*213The opinion of the court was delivered by
Reed, J.Harrison Robbins did business in Philadelphia, but resided and was assessed in Merchantsville, Camden county, in the year 1874.
He owed $16,000 to parties residing in New Jersey.
He failed to make, sign and deliver to the assessor the statement required by the twentieth section in the act of 1866.
He applied to the commissioners of appeal for a reduction of said debts, upon the ground that the assessor never called upon him for a statement.
The evidence shows that the prosecutor was ignorant of the time of making the assessment; and that he expected the assessor to call upon him; and that the assessor never did so.
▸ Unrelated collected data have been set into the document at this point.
(* Let $k\ge 1$, and let $E_k$, $\oplus$, $\mathcal A_k$ be as in the context. Then: (i) $(E_k,\oplus,\emptyset,\Gamma^k)$ is an effect algebra, and every element of $\mathcal A_k$ belongs to $E_k$. (ii) For every state $\rho$ on $E_k$, the function $P_\rho(\alpha_1\dots\alpha_k\mid a_1\dots a_k)=\rho\big([a_1\alpha_1]\times\cdots\times[a_k\alpha_k]\big)$ is a PR-state (in particular it satisfies the no-signaling condition). Conversely, for every PR-state $P$ there is a unique state $\rho_P$ on $E_k$ with $\rho_P\big([a_1\alpha_1]\times\cdots\times[a_k\alpha_k]\big)=P(\alpha_1\dots\alpha_k\mid a_1\dots a_k)$ for all inputs and outputs; it is given by $\rho_P(q_1\cup\dots\cup q_n)=\sum_{i=1}^n\rho_P(q_i)$ for any decomposition of an element of $E_k$ into pairwise disjoint $q_i\in\mathcal A_k$, and this value does not depend on the chosen decomposition. Hence $\rho\mapsto P_\rho$ is a bijection between the set of states on $E_k$ and the set of PR-states of the $k$-box model.
   Context: Fix an integer $N\ge1$ (number of inputs) and nonempty finite sets $\mathcal U_1,\dots,\mathcal U_N$ ($\mathcal U_a$ is the set of outputs for input $a$). Put $\Gamma=\mathcal U_1\times\cdots\times\mathcal U_N$. For $a\in\{1,\dots,N\}$ and $\mathcal A\subseteq\mathcal U_a$ let $[a\in\mathcal A]=\{\gamma\in\Gamma:\gamma_a\in\mathcal A\}$ and $[a\alpha]=[a\in\{\alpha\}]$. For $k\ge1$ let $\mathcal A_k=\{[a_1\alpha_1]\times\cdots\times[a_k\alpha_k]\subseteq\Gamma^k : a_i\in\{1,\dots,N\},\ \alpha_i\in\mathcal U_{a_i}\}$. Call a subset of $\Gamma^k$ decomposable if it is a union of pairwise disjoint members of $\mathcal A_k$ (the empty union, giving $\emptyset$, is allowed). Let $E_k$ be the family of all $p\subseteq\Gamma^k$ such that both $p$ and $\Gamma^k\setminus p$ are decomposable. For $p,q\in E_k$, $p\oplus q$ is defined iff $p\cap q=\emptyset$ and $\Gamma^k\setminus(p\cup q)$ is decomposable, and then $p\oplus q=p\cup q$. An effect algebra is a set $E$ with a partial binary operation $\oplus$ and elements $0,1$ such that: (E1) if $p\oplus q$ is defined then $q\oplus p$ is defined and equal; (E2) if $q\oplus r$ and $p\oplus(q\oplus r)$ are defined then $p\oplus q$ and $(p\oplus q)\oplus r$ are defined and $p\oplus(q\oplus r)=(p\oplus q)\oplus r$; (E3) for each $p$ there is a unique $q$ with $p\oplus q=1$; (E4) if $p\oplus1$ is defined then $p=0$. A state on an effect algebra is a map $\rho:E\to[0,1]$ with $\rho(1)=1$ and $\rho(p_1\oplus\dots\oplus p_n)=\sum_i\rho(p_i)$ whenever the left side is defined. A PR-state of the $k$-box model is a function $P(\alpha_1\dots\alpha_k\mid a_1\dots a_k)\ge0$, defined for $a_i\in\{1,\dots,N\}$, $\alpha_i\in\mathcal U_{a_i}$, such that for each input tuple $\sum_{\alpha_1,\dots,\alpha_k}P(\alpha_1\dots\alpha_k\mid a_1\dots a_k)=1$, and satisfying no-signaling: for every $i$, every $a_1,\dots,a_k$, every $b_i$ and every fixed $\alpha_j$ ($j\ne i$), $\sum_{\alpha_i\in\mathcal U_{a_i}}P(\alpha_1\dots\alpha_i\dots\alpha_k\mid a_1\dots a_i\dots a_k)=\sum_{\beta_i\in\mathcal U_{b_i}}P(\alpha_1\dots\beta_i\dots\alpha_k\mid a_1\dots b_i\dots a_k)$. *)

From HB Require Import structures.
From mathcomp Require Import all_boot all_order all_algebra.
Set Implicit Arguments. Unset Strict Implicit. Unset Printing Implicit Defensive.
Import Order.TTheory GRing.Theory Num.Theory.
(* Assume the standing setup below. For every $j$ with $2\le j\le n$, the number of nonzero entries of the change of basis matrix $C(\mathcal{B}_j,\mathcal{B}_{j-1})$ satisfies \[\nu(C(\mathcal{B}_j,\mathcal{B}_{j-1}))\le \Phi_X(G_j,G_{j-1}).\] Moreover, each column of $C(\mathcal{B}_j,\mathcal{B}_{j-1})$ has at most $K_X(G_j,G_{j-1})$ nonzero entries, so that $\nu(C(\mathcal{B}_j,\mathcal{B}_{j-1}))\le K_X(G_j,G_{j-1})\,|X|$.
   Context: For a finite group $G$, $\mathcal{R}(G)$ denotes a fixed complete set of pairwise inequivalent irreducible complex matrix representations of $G$. For a finite-dimensional $\mathbb{C}G$-module $M$ with ordered basis $\mathcal{B}$, $[g]_{\mathcal{B}}$ denotes the matrix of the action of $g$ with respect to $\mathcal{B}$; $\mathcal{B}$ is a symmetry adapted basis of $M$ with respect to $\mathcal{R}(G)$ if there is a fixed partition of the positions into consecutive blocks such that for every $g\in G$, $[g]_{\mathcal{B}}$ is block diagonal with respect to these blocks and each block equals $\rho(g)$ for some $\rho\in\mathcal{R}(G)$ depending only on the block. Standing setup: $G$ is a finite group acting on a finite set $X$; $\mathbb{C}X$ is the space of functions $X\to\mathbb{C}$ with $(g\cdot f)(x)=f(g^{-1}x)$, each $x\in X$ is identified with its indicator function, and the standard basis of $\mathbb{C}X$ is $X$ itself. For a subset $Y\subseteq X$ that is a union of orbits of a subgroup, $\mathbb{C}Y$ is regarded as a submodule of $\mathbb{C}X$. We are given a chain of subgroups $\{1\}=G_1<G_2<\cdots<G_n=G$ and sets $\mathcal{R}(G_1),\dots,\mathcal{R}(G_n)$ that are compatible with respect to $\mathbb{C}X$, meaning there is a basis of $\mathbb{C}X$ that is symmetry adapted with respect to $\mathcal{R}(G_i)$ (for $\mathbb{C}X$ restricted to $G_i$) for every $i$. For $1\le j\le n$, $\mathcal{B}_j$ is an orbital symmetry adapted basis with respect to $\mathcal{R}(G_1),\dots,\mathcal{R}(G_j)$: $\mathcal{B}_j$ is the disjoint union, over the $G_j$-orbits $Y\subseteq X$, of bases of $\mathbb{C}Y$, each of which is symmetry adapted with respect to $\mathcal{R}(G_i)$ for every $i\le j$; and $\mathcal{B}_1$ is the standard basis. For bases $\mathcal{B},\mathcal{B}'$ of a vector space $V$, $[v]_{\mathcal{B}}$ is the coordinate vector and $C(\mathcal{B},\mathcal{B}')$ is the matrix with $C(\mathcal{B},\mathcal{B}')[v]_{\mathcal{B}'}=[v]_{\mathcal{B}}$ for all $v$. For a matrix $A$, $\nu(A)$ is the number of nonzero entries of $A$. For subgroups $H\le K\le G$ with $K$ acting transitively on a finite set $Y$, write $\mathbb{C}Y\cong\kappa_1N_1\oplus\cdots\oplus\kappa_sN_s$ as $\mathbb{C}H$-modules where $N_1,\dots,N_s$ are a complete set of irreducible $\mathbb{C}H$-modules; set $K_Y(K,H)=\max\{\kappa_1,\dots,\kappa_s\}$ and $\Phi_Y(K,H)=\sum_{i=1}^s\kappa_i^2\dim N_i$. If $K$ acts on $X$ with orbits $X_1,\dots,X_t$, set $\Phi_X(K,H)=\sum_{i=1}^t\Phi_{X_i}(K,H)$ and $K_X(K,H)=\max_i K_{X_i}(K,H)$. *)

From HB Require Import structures.
From mathcomp Require Import all_boot all_order all_algebra all_fingroup all_solvable all_field all_character.
Set Implicit Arguments.
Unset Strict Implicit.
Unset Printing Implicit Defensive.
Import GRing.Theory Num.Theory.
Local Open Scope ring_scope.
Nothing appears to invalidate the assessment itself.
The personal examination of the prosecutor, by the assessor, was not essential to the legality of the assessment.
He had a right to employ a variety of ways to inform himself of the value of the taxable property. The State, Keeler, pros., v. Tindall, Collector, 7 Vroom 97.
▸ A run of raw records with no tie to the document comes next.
(* Let $\mathfrak h_3=\mathbb{R}^3$ with basis $e_1,e_2,e_3$ and Lie bracket $\mu$ given by $\mu(e_1,e_2)=e_3$, $\mu(e_1,e_3)=\mu(e_2,e_3)=0$ (the Heisenberg Lie algebra), dual basis $e^1,e^2,e^3$, and let $g_0=e^1\otimes e^1+e^2\otimes e^2+e^3\otimes e^3$, with orientation $e^{123}=e^1\wedge e^2\wedge e^3$. Let $a,\lambda\in\mathbb{R}$, $H_0=a\,e^{123}$, $\theta_0=\theta_ie^i\in\mathfrak h_3^*$, $\omega\in\Lambda^2\mathfrak h_3^*$, and let $D$ be a derivation of $\mathfrak h_3$ that is symmetric with respect to $g_0$. Then the generalized Ricci soliton equations \[ \mathrm{Rc}_{g_0}=\lambda g_0+g_0(D\cdot,\cdot)+\tfrac14H_0\circ_{g_0}H_0-\tfrac14\mathcal{L}_{g_0^{-1}\theta_0}g_0,\qquad \omega=-d^*_{g_0}H_0+\tfrac12 d\theta_0-\tfrac12\iota_{g_0^{-1}\theta_0}H_0 \] hold if and only if \[ \lambda=-\tfrac12(3+a^2),\quad D=e^1\otimes e_1+e^2\otimes e_2+2\,e^3\otimes e_3,\quad \theta_1=\theta_2=0,\quad \omega=-\tfrac12\theta_3(1+a)\,e^1\wedge e^2 . \] In particular $g_0$ is a generalized Ricci soliton for every $a,\theta_3\in\mathbb{R}$.
   Context: All tensors are left-invariant on the Heisenberg group and identified with tensors on $\mathfrak h_3$. $\mathrm{Rc}_{g_0}$ is the Ricci tensor of the left-invariant metric $g_0$. $(H\circ_gH)(X,Y)=g(\iota_XH,\iota_YH)$ with $g$ the induced metric on 2-forms (in coordinates $g^{rl}g^{st}H_{irs}H_{jlt}$). For left-invariant $X$, $(\mathcal{L}_Xg)(Y,Z)=-g(\mu(X,Y),Z)-g(Y,\mu(X,Z))$; $g_0^{-1}\theta_0$ is the vector $g_0$-dual to $\theta_0$. For a left-invariant 1-form, $d\theta(X,Y)=-\theta(\mu(X,Y))$. $d^*_g=-{*_g}\,d\,{*_g}$ is the codifferential defined with the Hodge star of $g$ and the fixed orientation. A derivation is $D\in\mathfrak{gl}(\mathfrak h_3)$ with $D\mu(X,Y)=\mu(DX,Y)+\mu(X,DY)$. A Riemannian metric $g_0$ is a generalized Ricci soliton if such $\lambda,D,H_0$ (closed), $\theta_0,\omega$ exist. *)

(* Everything is left-invariant and identified with tensors on h3 = R^3.
   Indices 0,1,2 stand for e_1,e_2,e_3.  A vector / 1-form is a function
   nat -> R (only indices < 3 matter); a bilinear form / 2-form / matrix is
   nat -> nat -> R; a 3-form is nat -> nat -> nat -> R.  All components are
   taken with respect to the basis e_i (resp. dual basis e^i). *)
From Stdlib Require Import Reals Arith.
Open Scope R_scope.
(* One run of FORCE (input Pi = pol, mu, n_mle, n_reg), for arbitrary realized data.
   Level indexing: Dmle h, Dreg h are the n_mle / n_reg tuples (x_h, a_h, x_{h+1})
   collected at iteration h+1; expl h k = pi^{h,k}; hatdD h = hat d^D_h,
   hatdDdag h = hat d^{D,dagger}_h; hatw h p = hat w^p_h; hatd h p = hat d^p_h;
   tild h p = tilde d^p_h. *)
Definition FORCE_run (R : realType) (dX : measure_display) (X : measurableType dX)
  (lam : {measure set X -> \bar R}) (A : finType) (I : finType) (H dd : nat)
  (mu : nat -> X -> 'I_dd -> R) (d0 : X -> R) (pol : I -> policy R X A)
  (nmle nreg : nat) (Dmle Dreg : nat -> seq ((X * A) * X))
  (expl : nat -> 'I_dd -> I) (hatd tild : nat -> I -> X -> R)
  (hatdD hatdDdag : nat -> X -> R) (hatw : nat -> I -> X -> R) : Prop :=
  [/\
      (forall p, hatd 0 p = d0 /\ tild 0 p = d0) /\
      (forall h, (h < H)%N -> bary_spanner (fun p => tild h p) (expl h)),
      forall h, (h < H)%N -> size (Dmle h) = nmle /\ size (Dreg h) = nreg,
      forall h, (h < H)%N ->
        (Fclass lam mu d0 h (hatdD h) /\
         forall f, Fclass lam mu d0 h f ->
           (loglik f [seq t.1.1 | t <- Dmle h]
              <= loglik (hatdD h) [seq t.1.1 | t <- Dmle h])%E) /\
        (Fclass lam mu d0 h.+1 (hatdDdag h) /\
         forall f, Fclass lam mu d0 h.+1 f ->
           (loglik f [seq t.2 | t <- Dmle h]
              <= loglik (hatdDdag h) [seq t.2 | t <- Dmle h])%E),
      forall h p, (h < H)%N ->
        let tw := fun x => Num.min (hatd h p x) (dd%:R * hatdD h x) / hatdD h x in
        let loss := fun w : X -> R =>
          \sum_(t <- Dreg h) (w t.2 - tw t.1.1 * #|A|%:R * pol p h t.1.1 t.1.2) ^+ 2 in
        [/\ Wclass A mu h.+1 (hatw h.+1 p),
            forall w, Wclass A mu h.+1 w -> loss (hatw h.+1 p) <= loss w
          & hatd h.+1 p = (fun x => hatw h.+1 p x * hatdDdag h x)]
    &
      forall h p, (h < H)%N ->
        exists th : 'I_dd -> R,
          tild h.+1 p = lowrank (mu h) th /\
          forall th' : 'I_dd -> R,
            (L1dist lam (lowrank (mu h) th) (hatd h.+1 p)
               <= L1dist lam (lowrank (mu h) th') (hatd h.+1 p))%E].

(* Let g := min (dbar_(h-1), d d^D_(h-1)).  The data policy is uniform, so action
   clipping is vacuous and dbar_h = P g; the transition operator P is an L1
   contraction, hence
     |dbar_h - d_h|_1 <= |g - d_(h-1)|_1 <= |dbar_(h-1) - d_(h-1)|_1 + int (dbar_(h-1) - g).
   The clipping loss is bounded pointwise through the barycentric spanner of the
   estimates tilde d_(h-1): the coefficients lie in [-1,1] and sit on at most d
   distinct exploration policies, so tilde d^pi is at most the sum of their dbar,
   which is at most the sum of their occupancies, i.e. at most d d^D, plus the
   errors |tilde d - dbar| of the spanner elements.  Finally tilde d is an L1
   projection of hat d onto the span of mu_(h-2), which contains dbar, so
   |tilde d - dbar|_1 <= 2 |hat d - dbar|_1; the d + 1 error terms give
   2 (d + 1) <= 4 d. *)

From HB Require Import structures.
From mathcomp Require Import all_boot all_order all_algebra.
From mathcomp Require Import all_classical all_reals all_analysis.
From mathcomp Require Import measurable_realfun ring lra.
Set Implicit Arguments. Unset Strict Implicit. Unset Printing Implicit Defensive.
Import Order.TTheory GRing.Theory Num.Theory.
Local Open Scope classical_set_scope.
Local Open Scope ring_scope.

Lemma measurable_inv (R : realType) : measurable_fun setT (@GRing.inv R).
Proof.
have -> : [set: R] = [set x | x != 0] `|` [set 0].
  by apply/seteqP; split => x //= _; case: (eqVneq x 0); [right|left].
apply/measurable_funU => //.
  by apply: open_measurable; exact: open_neq.
split; last exact: measurable_fun_set1.
apply: open_continuous_measurable_fun; first exact: open_neq.
by move=> x; rewrite inE => x0; exact: inv_continuous.
Qed.

Lemma measurable_funV (R : realType) (dX : measure_display) (X : measurableType dX)
  (f : X -> R) : measurable_fun setT f -> measurable_fun setT (fun x => (f x)^-1).
Proof. exact: measurableT_comp (@measurable_inv R). Qed.

Lemma measurable_lowrank (R : realType) (dX : measure_display) (X : measurableType dX)
  (dd : nat) (m : X -> 'I_dd -> R) (th : 'I_dd -> R) :
  (forall j, measurable_fun setT (m^~ j)) -> measurable_fun setT (lowrank m th).
Proof. by move=> mm; apply: measurable_sum => j; exact: measurable_funM. Qed.

Section real_integrable.
Context (R : realType) (dX : measure_display) (X : measurableType dX)
  (lam : {measure set X -> \bar R}).
Implicit Types u v : X -> R.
That he employed none of these means, is not shown.
It is, nevertheless, insisted, that the failure of the assessor to call upon the prosecutor, afforded a reason for relief from the commissioners of appeal.
This can only be tenable upon the ground that this comes within the meaning of unavoidable accident.
Such an idea cannot be entertained.
The privilege of a reduction depended upon the act of the prosecutor. It was dependent upon the delivery of the statement. State, Perkins, pros., v. Bishop, Collector, 5 Vroom 45.
The burden was upon him to effect that delivery to the assessor, or by leaving it at his office, or at his residence, with a proper person.
Nothing but an unavoidable inability to accomplish such delivery would afford an excuse, and empower the commissioners of appeal to entertain the application for a reduction.
The assessment should be affirmed, with costs.